Интересны у Белинского сами эти сравнения с явлениями природы поэтического творчества как чего-то органичного и безусловного, возникшие, возможно, не без влияния музы самого Кольцова, который также через образы природы выявляет мощь и многосторонность пушкинского гения. Лес – это стихия, это множественность в единстве. Так должен был ощутить поэтическую силу Пушкина и Кольцов – выразитель лишь одного начала, поэт, которого «могучий талант, – как говорил Белинский, – не может выйти из магического крута народной непосредственности». В другом месте критик называл этот круг «заколдованным».

Но, воплощая принципы народно-поэтического творчества, Кольцов уже как профессиональный литератор доводит их до совершенства.

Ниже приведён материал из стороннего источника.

Theorem mainTheorem2
  (R : realType) (V : normedModType R)  (* V = phase space of the exterior differential d *)
  (r s iota sigma : nat) (lam tau dx dy dz : R)
  (a : 'I_r -> 'I_r -> R) (b : 'I_r -> R)
  (at_ : 'I_s -> 'I_s -> R) (bt : 'I_s -> R)
  (ab : 'I_iota -> 'I_iota -> R) (bb : 'I_iota -> R)
  (ah : 'I_sigma -> 'I_sigma -> R) (bh : 'I_sigma -> R)
  (* one realization of the Wiener increments at the spatial stage points *)
  (dW : 'I_s -> 'I_iota -> 'I_sigma -> R)
  (* stage values Upsilon_{mplk} and their discrete derivatives *)
  (Y dtY dxY dyY dzY : 'I_s -> 'I_iota -> 'I_sigma -> 'I_r -> 'I_6 -> V -> R)
  (* time-level values E^rho_{mpl}, E^{rho+1}_{mpl} *)
  (E0 E1 : 'I_s -> 'I_iota -> 'I_sigma -> 'I_6 -> V -> R)
  (* face values E^k_{i1 p l}, E^k_{(i1+1) p l} *)
  (X0 X1 : 'I_r -> 'I_iota -> 'I_sigma -> 'I_6 -> V -> R)
  (* face values E^k_{m i2 l}, E^k_{m (i2+1) l} *)
  (W0 W1 : 'I_r -> 'I_s -> 'I_sigma -> 'I_6 -> V -> R)
  (* face values E^k_{m p i3}, E^k_{m p (i3+1)} *)
  (Z0 Z1 : 'I_r -> 'I_s -> 'I_iota -> 'I_6 -> V -> R) :
  0 < tau -> 0 < dx -> 0 < dy -> 0 < dz ->
  (* symplecticity conditions on the coefficients *)
  (forall k j, b k * b j - b k * a k j - b j * a j k = 0) ->
  (forall p q, bb p * bb q - bb p * ab p q - bb q * ab q p = 0) ->
  (forall m n, bt m * bt n - bt m * at_ m n - bt n * at_ n m = 0) ->
  (forall l v, bh l * bh v - bh l * ah l v - bh v * ah v l = 0) ->
  (* all quantities are differentiable functions on phase space *)
  (forall m p l k c th,
     [/\ differentiable (Y m p l k c) th, differentiable (dtY m p l k c) th,
         differentiable (dxY m p l k c) th, differentiable (dyY m p l k c) th
       & differentiable (dzY m p l k c) th]) ->
  (forall m p l c th, differentiable (E0 m p l c) th /\ differentiable (E1 m p l c) th) ->
  (forall k p l c th, differentiable (X0 k p l c) th /\ differentiable (X1 k p l c) th) ->
  (forall k m l c th, differentiable (W0 k m l c) th /\ differentiable (W1 k m l c) th) ->
  (forall k m p c th, differentiable (Z0 k m p c) th /\ differentiable (Z1 k m p c) th) ->
  (* the method, at every point of phase space *)
  (forall m p l k c th,
     Y m p l k c th = E0 m p l c th + tau * \sum_(j < r) a k j * dtY m p l j c th) ->
  (forall m p l c th,
     E1 m p l c th = E0 m p l c th + tau * \sum_(k < r) b k * dtY m p l k c th) ->
  (forall m p l k c th,
     Y m p l k c th = X0 k p l c th + dx * \sum_(n < s) at_ m n * dxY n p l k c th) ->
  (forall k p l c th,
     X1 k p l c th = X0 k p l c th + dx * \sum_(m < s) bt m * dxY m p l k c th) ->
  (forall m p l k c th,
     Y m p l k c th = W0 k m l c th + dy * \sum_(q < iota) ab p q * dyY m q l k c th) ->
  (forall k m l c th,
     W1 k m l c th = W0 k m l c th + dy * \sum_(p < iota) bb p * dyY m p l k c th) ->
  (forall m p l k c th,
     Y m p l k c th = Z0 k m p c th + dz * \sum_(v < sigma) ah l v * dzY m p v k c th) ->
  (forall k m p c th,
     Z1 k m p c th = Z0 k m p c th + dz * \sum_(u < sigma) bh u * dzY m p u k c th) ->
  (forall m p l k c th,
     tau * (\sum_(d < 6) Kmx c d * dtY m p l k d th)
     + tau * (\sum_(d < 6) (L1mx c d * dxY m p l k d th + L2mx c d * dyY m p l k d th
                            + L3mx c d * dzY m p l k d th))
     = gradS lam (fun d => Y m p l k d th) c * dW m p l) ->
  (* conclusion: discrete stochastic multi-symplectic conservation law *)
  let omega (E : 'I_s -> 'I_iota -> 'I_sigma -> 'I_6 -> V -> R) th xi eta :=
    1 / 2%:R * \sum_(m < s) \sum_(p < iota) \sum_(l < sigma)
      bt m * bb p * bh l * wedgeM Kmx (E m p l) th xi eta in
  let kappa1 (E : 'I_r -> 'I_iota -> 'I_sigma -> 'I_6 -> V -> R) th xi eta :=
    1 / 2%:R * \sum_(k < r) \sum_(p < iota) \sum_(l < sigma)
      b k * bb p * bh l * wedgeM L1mx (E k p l) th xi eta in
  let kappa2 (E : 'I_r -> 'I_s -> 'I_sigma -> 'I_6 -> V -> R) th xi eta :=
    1 / 2%:R * \sum_(k < r) \sum_(m < s) \sum_(l < sigma)
      b k * bt m * bh l * wedgeM L2mx (E k m l) th xi eta in
  let kappa3 (E : 'I_r -> 'I_s -> 'I_iota -> 'I_6 -> V -> R) th xi eta :=
    1 / 2%:R * \sum_(k < r) \sum_(m < s) \sum_(p < iota)
      b k * bt m * bb p * wedgeM L3mx (E k m p) th xi eta in
  forall th xi eta : V,
    (omega E1 th xi eta - omega E0 th xi eta) / tau
    + (kappa1 X1 th xi eta - kappa1 X0 th xi eta) / dx
    + (kappa2 W1 th xi eta - kappa2 W0 th xi eta) / dy
    + (kappa3 Z1 th xi eta - kappa3 Z0 th xi eta) / dz = 0.
Proof.
move=> tau_gt0 dx_gt0 dy_gt0 dz_gt0 coef_t coef_y coef_x coef_z diffY diffE diffX diffW
  diffZ stage_t step_t stage_x step_x stage_y step_y stage_z step_z stage.
move=> omega kappa1 kappa2 kappa3 th xi eta.
have [dY dYt dYx dYy dYz] : [/\ forall m p l k c, differentiable (Y m p l k c) th,
    forall m p l k c, differentiable (dtY m p l k c) th,
    forall m p l k c, differentiable (dxY m p l k c) th,
    forall m p l k c, differentiable (dyY m p l k c) th
  & forall m p l k c, differentiable (dzY m p l k c) th].
  by split=> m p l k c; case: (diffY m p l k c th).
have dE0 m p l c : differentiable (E0 m p l c) th by case: (diffE m p l c th).
have dX0 k p l c : differentiable (X0 k p l c) th by case: (diffX k p l c th).
have dW0 k m l c : differentiable (W0 k m l c) th by case: (diffW k m l c th).
have dZ0 k m p c : differentiable (Z0 k m p c) th by case: (diffZ k m p c th).
rewrite /omega /kappa1 /kappa2 /kappa3 !wedgeME /=.
pose T4 (F : 'I_s -> 'I_iota -> 'I_sigma -> 'I_r -> 'I_6 -> V -> R) m p l k :=
  tangent_frame (F m p l k) th xi eta.
apply: (discrete_multisymplectic_conservation (Y := T4 Y) (Dt := T4 dtY) (Dx := T4 dxY)
  (Dy := T4 dyY) (Dz := T4 dzY)) => //; try exact: lt0r_neq0.
all: try by move=> *; apply: tangent_frame_affine.
move=> m p l k; exact: (wedge_form_local_conservation trmx_Kmx trmx_L1mx trmx_L2mx trmx_L3mx
  (lt0r_neq0 tau_gt0) (tangent_frame_stage (stage m p l k) _ _ _ _ _)).
Qed.
(* Let $\mathcal{A}$ be a strongly tight GFG-NRW whose language is recognized by some GFG-NBW. Then every state $q$ of $\mathcal{A}$ that appears in some good set of the acceptance condition does not belong to a rejecting cycle of $\mathcal{A}$.
   Context: An automaton $\langle\Sigma,Q,Q_0,\delta,\alpha\rangle$ has $\delta:Q\times\Sigma\to2^Q$; runs are accepting if the set of infinitely visited states satisfies $\alpha$. Rabin ($\alpha$ a set of pairs $\langle E,F\rangle$, $E$ the bad set, $F$ the good set): a set $S$ is accepting iff some pair has $S\cap E=\emptyset$ and $S\cap F\neq\emptyset$. A cycle of $\mathcal{A}$ is a sequence $q_0,\ldots,q_k$ with $q_0=q_k$ and $q_{i+1}\in\delta(q_i,a_i)$ for some letters $a_i$; it is rejecting if its set of states is not accepting. NRW/NBW: nondeterministic Rabin/Büchi word automaton. $\mathcal{A}$ is GFG if there is a strategy $g:\Sigma^*\to Q$ such that for every $w=a_1a_2\cdots$, $g(\epsilon),g(a_1),g(a_1a_2),\ldots$ is a run on $w$, accepting whenever $w\in L(\mathcal{A})$. Finite-state strategies are transducers $g=\langle\Sigma,Q,M,m_0,\rho,\tau\rangle$ (finite memories $M$, $\rho:M\times\Sigma\to M$ extended to words from $m_0$, $\tau:M\to Q$, $g(u)=\tau(\rho(u))$); $m$ is a memory of $q$ if $\tau(m)=q$. $\mathcal{A}_g=\langle\Sigma,M,m_0,\rho,\alpha_g\rangle$ where $\alpha_g$ replaces each set $F$ in $\alpha$ by $\{m\mid\tau(m)\in F\}$. A transition $\langle q,a,q'\rangle$ is used by $g$ if $q=g(u)$, $q'=g(ua)$ for some $u$. A combination of paths from a set $P$ of paths is the union of the element sets of a nonempty subset of $P$. For memories $m\neq m'$ with $\tau(m)=\tau(m')$, $m$ is replaceable by $m'$ if the set of paths of $\mathcal{A}_g$ from $m'$ to $m$ is empty or all its combinations are accepting. $\mathcal{A}$ is tight w.r.t. a finite-state strategy $g$ witnessing its GFGness if every transition is used by $g$ and no memory is replaceable by a different memory of the same state. A path of $\mathcal{A}_g$ is $q$-exclusive accepting if its memory set is accepting but that set minus the memories of $q$ is not. $\mathcal{A}$ is strongly tight if for some such $g$ it is tight w.r.t. $g$ and every state $q$ in some good set has a $q$-exclusive accepting cycle in $\mathcal{A}_g$. *)

From mathcomp Require Import all_boot.
Set Implicit Arguments. Unset Strict Implicit. Unset Printing Implicit Defensive.

Section Automata.
Variable Sigma : finType.

Definition rabin_acc (T : finType) (alpha : seq ({set T} * {set T}))
    (S : T -> Prop) : Prop :=
  exists EF, EF \in alpha /\ (forall x, S x -> x \notin EF.1) /\
             (exists x, S x /\ x \in EF.2).

Definition buchi_acc (T : finType) (F : {set T}) (S : T -> Prop) : Prop :=
  exists x, S x /\ x \in F.

Definition inf_set (T : Type) (r : nat -> T) (x : T) : Prop :=
  forall n, exists m, n <= m /\ r m = x.

Record nrw (Q : finType) := NRW {
  nrw_init  : {set Q};
  nrw_delta : Q -> Sigma -> {set Q};
  nrw_alpha : seq ({set Q} * {set Q}) }.

Record nbw (Q : finType) := NBW {
  nbw_init  : {set Q};
  nbw_delta : Q -> Sigma -> {set Q};
  nbw_F     : {set Q} }.

Definition is_run (Q : finType) (init : {set Q}) (delta : Q -> Sigma -> {set Q})
    (w : nat -> Sigma) (r : nat -> Q) : Prop :=
  r 0 \in init /\ forall i, r i.+1 \in delta (r i) (w i).

Definition nrw_lang (Q : finType) (A : nrw Q) (w : nat -> Sigma) : Prop :=
  exists r, is_run (nrw_init A) (nrw_delta A) w r /\
            rabin_acc (nrw_alpha A) (inf_set r).

Definition nbw_lang (Q : finType) (B : nbw Q) (w : nat -> Sigma) : Prop :=
  exists r, is_run (nbw_init B) (nbw_delta B) w r /\
            buchi_acc (nbw_F B) (inf_set r).

(* the run g(eps), g(a1), g(a1 a2), ... induced by a strategy on w;
   mkseq w i = [:: w 0; ...; w i.-1] = a1 ... ai *)
Definition strat_run (Q : Type) (g : seq Sigma -> Q) (w : nat -> Sigma) :
  nat -> Q := fun i => g (mkseq w i).

Definition gfg_strategy_nrw (Q : finType) (A : nrw Q) (g : seq Sigma -> Q) :=
  forall w, is_run (nrw_init A) (nrw_delta A) w (strat_run g w) /\
            (nrw_lang A w -> rabin_acc (nrw_alpha A) (inf_set (strat_run g w))).

Definition gfg_strategy_nbw (Q : finType) (B : nbw Q) (g : seq Sigma -> Q) :=
  forall w, is_run (nbw_init B) (nbw_delta B) w (strat_run g w) /\
            (nbw_lang B w -> buchi_acc (nbw_F B) (inf_set (strat_run g w))).

Definition is_gfg_nbw (Q : finType) (B : nbw Q) : Prop :=
  exists g, gfg_strategy_nbw B g.

Definition fs_strat (Q M : finType) (m0 : M) (rho : M -> Sigma -> M)
    (tau : M -> Q) : seq Sigma -> Q :=
  fun u => tau (foldl rho m0 u).

Definition alpha_g (Q M : finType) (tau : M -> Q)
    (alpha : seq ({set Q} * {set Q})) : seq ({set M} * {set M}) :=
  map (fun EF : {set Q} * {set Q} => ([set m | tau m \in EF.1], [set m | tau m \in EF.2])) alpha.

Definition g_edge (M : finType) (rho : M -> Sigma -> M) : rel M :=
  fun m m' => [exists a, m' == rho m a].

Definition a_edge (Q : finType) (delta : Q -> Sigma -> {set Q}) : rel Q :=
  fun q q' => [exists a, q' \in delta q a].

Definition g_path_from_to (M : finType) (rho : M -> Sigma -> M) (m1 m2 : M)
    (s : seq M) : Prop :=
  exists p, s = m1 :: p /\ path (g_edge rho) m1 p /\ last m1 p = m2.

Definition replaceable (Q M : finType) (alpha : seq ({set Q} * {set Q}))
    (rho : M -> Sigma -> M) (tau : M -> Q) (m m' : M) : Prop :=
  m <> m' /\ tau m = tau m' /\
  ((forall s, ~ g_path_from_to rho m' m s) \/
   (forall P : seq M -> Prop,
      (exists s, P s) -> (forall s, P s -> g_path_from_to rho m' m s) ->
      rabin_acc (alpha_g tau alpha) (fun x => exists s, P s /\ x \in s))).

Definition used (Q : finType) (g : seq Sigma -> Q) (q : Q) (a : Sigma) (q' : Q) :=
  exists u, q = g u /\ q' = g (rcons u a).

Definition tight_wrt (Q M : finType) (A : nrw Q) (m0 : M)
    (rho : M -> Sigma -> M) (tau : M -> Q) : Prop :=
  (forall q a q', q' \in nrw_delta A q a -> used (fs_strat m0 rho tau) q a q') /\
  (forall m m', m <> m' -> tau m = tau m' -> ~ replaceable (nrw_alpha A) rho tau m m').

Definition q_exclusive_accepting_cycle (Q M : finType) (alpha : seq ({set Q} * {set Q}))
    (rho : M -> Sigma -> M) (tau : M -> Q) (q : Q) : Prop :=
  exists (m : M) (p : seq M),
    p != [::] /\ path (g_edge rho) m p /\ last m p = m /\
    rabin_acc (alpha_g tau alpha) (fun x => x \in m :: p) /\
    ~ rabin_acc (alpha_g tau alpha) (fun x => x \in m :: p /\ tau x <> q).

Definition in_good_set (Q : finType) (A : nrw Q) (q : Q) : Prop :=
  exists EF, EF \in nrw_alpha A /\ q \in EF.2.

Definition strongly_tight (Q : finType) (A : nrw Q) : Prop :=
  exists (M : finType) (m0 : M) (rho : M -> Sigma -> M) (tau : M -> Q),
    gfg_strategy_nrw A (fs_strat m0 rho tau) /\
    tight_wrt A m0 rho tau /\
    (forall q, in_good_set A q ->
       q_exclusive_accepting_cycle (nrw_alpha A) rho tau q).

Definition on_rejecting_cycle (Q : finType) (A : nrw Q) (q : Q) : Prop :=
  exists (q0 : Q) (p : seq Q),
    p != [::] /\ path (a_edge (nrw_delta A)) q0 p /\ last q0 p = q0 /\
    q \in q0 :: p /\
    ~ rabin_acc (nrw_alpha A) (fun x => x \in q0 :: p).

End Automata.

From mathcomp Require Import all_boot.
From Stdlib Require Import Classical IndefiniteDescription.
Set Implicit Arguments. Unset Strict Implicit. Unset Printing Implicit Defensive.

Композиция «Леса» трехчастна. Трехчастность эта четко определена трижды возникающим вопросом, приобретающим и характер вступления, лирического причета-плача. Лишь в самом начале вопрос повторен дважды. Это в полной мере соответствует тому значению, которое приобрела в рамках первой части (пять строф) первая строфа, заключающая в зерне, по сути, уже все стихотворение. Это интродукция, увертюра, в сжатом виде содержащая основные темы всей, подлинно богатырской, симфонии и основную разработку:

 

Что, дремучий лес,

Призадумался,

Грустью темною

Затуманился?

 

Здесь в особой концентрированности можно найти зародыши всех трех литературных родов. И лирику: вопрос-запев, и эпос – с образом дремучего леса, и драматическую коллизию: лес – туча-буря, хотя последняя намечена еще только музыкально.

Уже здесь определяется вся сложность образа леса – образа многоассоциативного, уже здесь выявляется сложное взаимодействие двух начал: человеческого и природного, одушевленного и неодушевленного, причудливая игра и взаимопереходы смыслов, каких народная поэзия с ее прямыми одушевлениями не знает.

Бот почему поэт, называя привычное – «дремучий лес», – сразу же разрушает этот образ и создает его заново. «Призадумался» – уже одушевленно, хотя еще тоже одушевленно привычно. И поэт подкрепляет эту одушевленность, усиливает, обновляет и индивидуализирует «грустью темною». Он создает целостное впечатление леса-человека, где лес не остается только лесом, но и собственно человеком, как было бы в аллегории, не становится.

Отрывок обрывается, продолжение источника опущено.